Pick n Pay CEO Sean Summers says the retailer is no longer chasing scale, confirming that the race to be the biggest is over as the group focuses instead on improving store quality, profitability and operational fundamentals.
Summers was talking to Business Day after the group’s interim results announcement on Monday in which it posted steady progress in its turnaround, with headline losses narrowing and core supermarket performance stabilising after years of decline.
The group’s rivals continue to expand rapidly even as the retail space becomes saturated, according to analysts. Shoprite, deemed the continent’s largest retailer, plans to open more than 300 stores in the next 12 months, Spar is hard at work to open 40 new high-end stores.

Pick n Pay’s Boxer plans to roll out 60 new stores during its 2026 financial year, including 25 Superstores and 35 liquor stores.
But for Summers, who returned to the struggling group in 2023 to save the ship, it is no longer about “quantity but quality” as Pick n Pay continues to close down or convert loss-making outlets.
“We’re not in a race to become the biggest again,” he said.
“The market is finite at the end of the day. It’s not infinite. And it’s not a race just to see how many stores you can open…. it’s also the quality of your real estate that’s very important.”
Pick n Pay reported a 56% reduction in headline loss per share for the 26 weeks to end-August. Group turnover was up 4.9%, while like-for-like sales increased 4.7%. Boxer, now listed separately but still majority-owned by the group, delivered market-leading turnover growth of 13.9%.
According to Summers, the group has completed about 90% of its store estate reset programme, which forms an integral part of its turnaround strategy.
“It’s about making sure every store is relevant and sustainable. That phase is largely done,” he said.
Summers said the next step in the turnaround was reinvestment in key locations. Pick n Pay would spend R2.2bn in capital expenditure in this financial year, with most of it directed towards Boxer, Pick n Pay Clothing and upgrades of selected high-performing supermarkets.
Summers acknowledged the competitive pressure from rivals such as Shoprite, Checkers, Woolworths and Spar but said Pick n Pay’s focus was on building a “really top-quality operation” that can sustain profitability over the long term.
“Our real success will be measured years after we reach break-even,” he said.
“This is a lot of hard work that has to be done to restore what I call corporate muscle memory.”

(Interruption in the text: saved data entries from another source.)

(* Let $R$ be a commutative ring, $n\ge2$, and $\varepsilon\in{\rm E}_{2n}(R)$. Then there exists $\rho\in{\rm E}_{\psi_n}(R)$ such that $(1\perp\rho)\,\varepsilon\in{\rm ESp}_{2n}(R)$.
   Context: All rings are commutative with identity. ${\rm E}_m(R)$ is the subgroup of ${\rm SL}_m(R)$ generated by $E_{ij}(\lambda)=I_m+\lambda e_{ij}$ ($i\neq j$). $\psi_n=\sum_{i=1}^n e_{2i-1,2i}-\sum_{i=1}^n e_{2i,2i-1}$. $1\perp\rho$ denotes $\begin{pmatrix}1&0\\0&\rho\end{pmatrix}$. Let $\sigma$ be the permutation with $\sigma(2i)=2i-1$, $\sigma(2i-1)=2i$. For $z\in R$, $1\le i\ne j\le 2n$, set $se_{ij}(z)=I_{2n}+ze_{ij}$ if $i=\sigma(j)$, and $se_{ij}(z)=I_{2n}+ze_{ij}-(-1)^{i+j}ze_{\sigma(j)\sigma(i)}$ if $i\ne\sigma(j)$. ${\rm ESp}_{2n}(R)$ is the subgroup of ${\rm GL}_{2n}(R)$ generated by all $se_{ij}(z)$ (it is contained in $\{\alpha:\alpha^t\psi_n\alpha=\psi_n\}$). Elements of $R^m$ are row vectors, ${}^t$ is transpose. For an invertible alternating (of the form $\nu-\nu^t$) $2n\times2n$ matrix $\varphi$ write $\varphi=\begin{pmatrix}0&-c\\ c^t&\nu\end{pmatrix}$, $\varphi^{-1}=\begin{pmatrix}0&d\\ -d^t&\mu\end{pmatrix}$ with $c,d\in R^{2n-1}$, and set $\alpha_\varphi(v)=I_{2n-1}+d^tv\nu$, $\beta_\varphi(v)=I_{2n-1}+\mu v^tc$; ${\rm E}_\varphi(R)$ is the subgroup of ${\rm GL}_{2n-1}(R)$ generated by all $\alpha_\varphi(v),\beta_\varphi(v)$, $v\in R^{2n-1}$. *)

From HB Require Import structures.
From mathcomp Require Import all_boot all_order all_algebra.
Set Implicit Arguments. Unset Strict Implicit. Unset Printing Implicit Defensive.
Import GRing.Theory.
Local Open Scope ring_scope.

(* Indices are 0-based: the paper's index i (1-based) is our i-1.
   Parities of i+j are unchanged by the shift. *)

Inductive gen_grp (R : comPzRingType) (N : nat) (S : 'M[R]_N -> Prop)
  : 'M[R]_N -> Prop :=
| gen_one : gen_grp S 1%:M
| gen_mul s g : S s -> gen_grp S g -> gen_grp S (s *m g)
| gen_mulinv s s' g : S s -> s *m s' = 1%:M -> s' *m s = 1%:M ->
    gen_grp S g -> gen_grp S (s' *m g).
(* Let $\mathcal P$ be a finite-dimensional solvable Poisson $n$-Lie algebra over a field of characteristic $0$. Then $d(\operatorname{Nil}(\mathcal P))\subseteq\operatorname{Nil}(\mathcal P)$ for every derivation $d$ of $\mathcal P$.
   Context: A Poisson $n$-Lie algebra is a commutative associative algebra $(\mathcal P,\cdot)$ with an $n$-linear skew-symmetric bracket satisfying the fundamental identity $[x_1,\dots,x_{n-1},[y_1,\dots,y_n]]=\sum_{i=1}^n[y_1,\dots,[x_1,\dots,x_{n-1},y_i],\dots,y_n]$ and the Leibniz rule $[y\cdot z,x_2,\dots,x_n]=y\cdot[z,x_2,\dots,x_n]+z\cdot[y,x_2,\dots,x_n]$. A derivation of $\mathcal P$ is a linear map $d$ with $d(x\cdot y)=d(x)\cdot y+x\cdot d(y)$ and $d([x_1,\dots,x_n])=\sum_i[x_1,\dots,d(x_i),\dots,x_n]$. Products/brackets of subspaces are linear spans. An ideal $\mathcal I$ is nilpotent if $\mathcal I^s=0$ for some $s$, where $\mathcal I^1=\mathcal I$, $\mathcal I^{k+1}=[\mathcal I^k,\mathcal I,\mathcal P,\dots,\mathcal P]+\mathcal I^k\cdot\mathcal I$; $\operatorname{Nil}(\mathcal P)$ is the maximal nilpotent ideal. $\mathcal P$ is solvable if $\mathcal P^{(s)}=0$ for some $s$, with $\mathcal P^{(1)}=\mathcal P$, $\mathcal P^{(k+1)}=[\mathcal P^{(k)},\mathcal P^{(k)},\mathcal P,\dots,\mathcal P]+\mathcal P^{(k)}\cdot\mathcal P^{(k)}$. *)

From HB Require Import structures.
From mathcomp Require Import all_boot all_order all_algebra all_fingroup.
Set Implicit Arguments. Unset Strict Implicit. Unset Printing Implicit Defensive.
Import GRing.Theory.
Local Open Scope ring_scope.

Section PoissonNLie.
Variables (F : fieldType) (V : vectType F) (n : nat).

Definition upd (x : 'I_n -> V) (i : 'I_n) (w : V) : 'I_n -> V :=
  fun k => if k == i then w else x k.
Definition upd_first (x : 'I_n -> V) (w : V) : 'I_n -> V :=
  fun k => if val k == 0%N then w else x k.
Definition upd_last (x : 'I_n -> V) (w : V) : 'I_n -> V :=
  fun k => if val k == n.-1 then w else x k.

Variables (mul : V -> V -> V) (br : ('I_n -> V) -> V).

Record poisson_nlie : Prop := {
  mul_linl : forall (a : F) u v w, mul (a *: u + v) w = a *: mul u w + mul v w;
  mul_comm : forall u v, mul u v = mul v u;
  mul_assoc : forall u v w, mul u (mul v w) = mul (mul u v) w;
  br_multilinear : forall (x : 'I_n -> V) (i : 'I_n) (a : F) u v,
    br (upd x i (a *: u + v)) = a *: br (upd x i u) + br (upd x i v);
  br_skew : forall (s : 'S_n) (x : 'I_n -> V),
    br (fun k => x (s k)) = (-1) ^+ s *: br x;
  br_fundamental : forall x y : 'I_n -> V,
    br (upd_last x (br y)) = \sum_(i < n) br (upd y i (br (upd_last x (y i))));
  br_leibniz : forall (x : 'I_n -> V) y z,
    br (upd_first x (mul y z)) =
      mul y (br (upd_first x z)) + mul z (br (upd_first x y))
}.
(* Both [m] and [-m] are regular on U_(S :&: T), so [g m] is a unit. *)
Lemma chart_pt_setI_nonvanishing {S T : {set 'I_n}} {j : 'I_n} {g : lat d -> CCC} :
  S \in Sig -> T \in Sig -> j \in S -> j \notin T -> chart_pt b Sig (S :&: T) g ->
  exists m : lat d, [/\ dualM b S m, 0 < ipair m (b j) & g m != 0].
Proof.
move=> SSig TSig jS jT [_ g0 gD].
have [m [mS mST mj]] := fan_separation SSig TSig jS jT.
have mST_dual : dualM b (S :&: T) m by move=> i /mST ->.
have NmST_dual : dualM b (S :&: T) (- m) by move=> i /mST mi; rewrite ipairN mi oppr0.
exists m; split=> //; apply: contra_eq_neq (gD _ _ mST_dual NmST_dual) => gm0.
by rewrite subrr g0 gm0 mul0r oner_neq0.
Qed.

Lemma chart_pt_qcoord {S : {set 'I_n}} {x : 'I_n -> CCC} : S \in Sig ->
  (forall i, i \notin S -> x i != 0) -> chart_pt b Sig S (qcoord b x).
Proof.
move=> SSig xS; split=> //.
  by rewrite /qcoord big1 // => i _; rewrite ipair0 expr0z.
move=> m m' mS m'S; rewrite /qcoord -big_split /=; apply: eq_bigr => i _.
rewrite ipairD; case: (boolP (i \in S)) => iS; first by rewrite exprzD_ss ?mS ?m'S.
by rewrite expfzDr ?xS.
Qed.

Lemma chiD (t : 'I_d -> CCC) (m m' : lat d) : (forall k, t k != 0) ->
  chi t (m + m') = chi t m * chi t m'.
Proof.
by move=> t_neq0; rewrite /chi -big_split; apply: eq_bigr => k _; rewrite ffunE expfzDr.
Qed.

Lemma chi0 (t : 'I_d -> CCC) : chi t 0 = 1.
Proof. by rewrite /chi big1 // => k _; rewrite ffunE expr0z. Qed.

Lemma perpMD (S : {set 'I_n}) (m m' : lat d) : dualM b S m -> dualM b S m' ->
  perpM b S (m + m') = perpM b S m && perpM b S m'.
Proof.
move=> mS m'S; apply/forall_inP/andP => [mm'0|[/forall_inP m0 /forall_inP m'0] i iS].
  by split; apply/forall_inP => i iS; have := mm'0 i iS;
    rewrite ipairD paddr_eq0 ?mS ?m'S // => /andP[].
by rewrite ipairD (eqP (m0 i iS)) (eqP (m'0 i iS)) addr0.
Qed.

Lemma chart_pt_orbit {S : {set 'I_n}} {t : 'I_d -> CCC} : S \in Sig ->
  (forall k, t k != 0) -> chart_pt b Sig S (orbit_pt b S t).
Proof.
move=> SSig t_neq0; split=> //.
  rewrite /orbit_pt chi0 mul1r /gamma ifT //.
  by apply/forall_inP => i _; rewrite ipair0.
move=> m m' mS m'S; rewrite /orbit_pt chiD // /gamma perpMD //.
by case: (perpM b S m); case: (perpM b S m'); rewrite /= ?mulr1 ?mulr0 ?mul0r //; ring.
Qed.

(* For [w] in the big torus of A^n, [qtorus w] is its image under [q]. *)
Definition qtorus (w : 'I_n -> CCC) (k : 'I_d) : CCC := \prod_i w i ^ b i k.

Lemma chi_qtorus (w : 'I_n -> CCC) (m : lat d) : (forall i, w i != 0) ->
  chi (qtorus w) m = qcoord b w m.
Proof.
move=> w_neq0; rewrite /chi /qtorus /qcoord.
rewrite (eq_bigr (fun k => \prod_i (w i ^ b i k) ^ m k)); last first.
  by move=> k _; apply: prodrXz => i; exact: expfz_neq0.
under eq_bigr do under eq_bigr do rewrite exprz_exp.
rewrite exchange_big /=; apply: eq_bigr => i _.
rewrite -(big_morph _ (fun e1 e2 => expfzDr e1 e2 (w_neq0 i)) (expr0z _)).
by congr (_ ^ _); apply: eq_bigr => k _; rewrite mulrC.
Qed.

Lemma qcoord_vanish {x : 'I_n -> CCC} {m : lat d} {j : 'I_n} :
  x j = 0 -> 0 < ipair m (b j) -> qcoord b x m = 0.
Proof.
by move=> xj0 mj; rewrite /qcoord (bigD1 j) //= xj0 exp0rz (gt_eqF mj) mul0r.
Qed.

Lemma gamma_pos {S : {set 'I_n}} {m : lat d} {j : 'I_n} :
  j \in S -> 0 < ipair m (b j) -> gamma b S m = 0.
Proof.
move=> jS mj; rewrite /gamma ifN //; apply/forall_inP => /(_ j jS)/eqP mj0.
by rewrite mj0 ltxx in mj.
Qed.

Definition fill_zeros (x : 'I_n -> CCC) (s : CCC) (i : 'I_n) : CCC :=
  if x i == 0 then s else x i.

Definition qcoord_poly (x : 'I_n -> CCC) (m : lat d) : {poly CCC} :=
  \prod_i (if x i == 0 then 'X^`|ipair m (b i)| else (x i ^ ipair m (b i))%:P).

Lemma horner_qcoord_poly {S : {set 'I_n}} {x : 'I_n -> CCC} {m : lat d} (s : CCC) :
  [set i | x i == 0] \subset S -> dualM b S m ->
  (qcoord_poly x m).[s] = qcoord b (fill_zeros x s) m.
Proof.
move=> zerosS mS; rewrite horner_prod; apply: eq_bigr => i _; rewrite /fill_zeros.
case: ifP => [xi0|_]; last by rewrite hornerC.
have mi_ge0 : 0 <= ipair m (b i) by apply/mS/(subsetP zerosS); rewrite inE xi0.
by rewrite hornerXn -[in RHS](gez0_abs mi_ge0).
Qed.

Section MinCone.
Context {sigma : {set 'I_n}} {x : 'I_n -> CCC} {tau : {set 'I_n}}.
Hypothesis sigmaSig : sigma \in Sig.
Hypothesis tauSig : tau \in Sig.
Hypothesis zeros_tau : [set i | x i == 0] \subset tau.
Hypothesis tau_min :
  forall S, S \in Sig -> [set i | x i == 0] \subset S -> tau \subset S.

Lemma nonzero_off_min_cone (i : 'I_n) : i \notin tau -> x i != 0.
Proof. by apply: contraNN => xi0; apply: (subsetP zeros_tau); rewrite inE. Qed.

Lemma chart_pt_qcoord_min_cone : chart_pt b Sig tau (qcoord b x).
Proof. exact: chart_pt_qcoord tauSig nonzero_off_min_cone. Qed.

Lemma Ltilde_sub_min_cone : inLtilde b Sig sigma x -> sigma \subset tau.
Proof.
case=> S0 S0Sig [x_off_S0 [_ qx_V]].
have zeros_S0 : [set i | x i == 0] \subset S0.
  by apply/subsetP => i; rewrite inE; apply: contraLR => /x_off_S0.
have same : same_pt b Sig tau (qcoord b x) S0 (qcoord b x).
  exists (qcoord b x); rewrite (setIidPl (tau_min _ S0Sig zeros_S0)).
  by split=> //; exact: chart_pt_qcoord_min_cone.
have one_reg : regular b tau [:: (1, 0)].
  by move=> c; rewrite inE => /eqP -> i _; rewrite ipair0.
have one_eval : evalf [:: (1, 0)] (qcoord b x) != 0.
  have [_ qx0 _] := chart_pt_qcoord_min_cone.
  by rewrite /evalf big_seq1 /= mul1r qx0 oner_eq0.
have [t [_ [_ [_ [g [g_chart _ g_orbit] _]]]]] :=
  qx_V _ _ chart_pt_qcoord_min_cone same _ one_reg one_eval.
apply/subsetP => j js; apply: contraT => jt.
rewrite setIC in g_chart.
have [m [ms mj gm]] := chart_pt_setI_nonvanishing sigmaSig tauSig js jt g_chart.
by rewrite -g_orbit // /orbit_pt (gamma_pos js mj) mulr0 eqxx in gm.
Qed.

Summers said succession planning was under way but declined to give details, saying it would be inappropriate to discuss in public.
The group, which has embarked on several initiatives to improve profitability, reported a narrowing in its headline loss per share in the 26 weeks ended August to 59.77c from 136.6c a year ago.
Group net finance costs decreased 44.8% to R627m, reflecting the net impact of the positive funding interest swing and a 3.9% increase in net lease interest, in which Boxer’s relatively high lease interest growth, driven by the store rollout, was offset by a reduction in Pick n Pay.
Pick n Pay Clothing opened its 400th stand-alone store as it expanded its reach and delivered further market share gains, with turnover growing 12%.
Online sales recorded solid double-digit growth, underscoring the group’s growing competitiveness in the digital retail space, it said.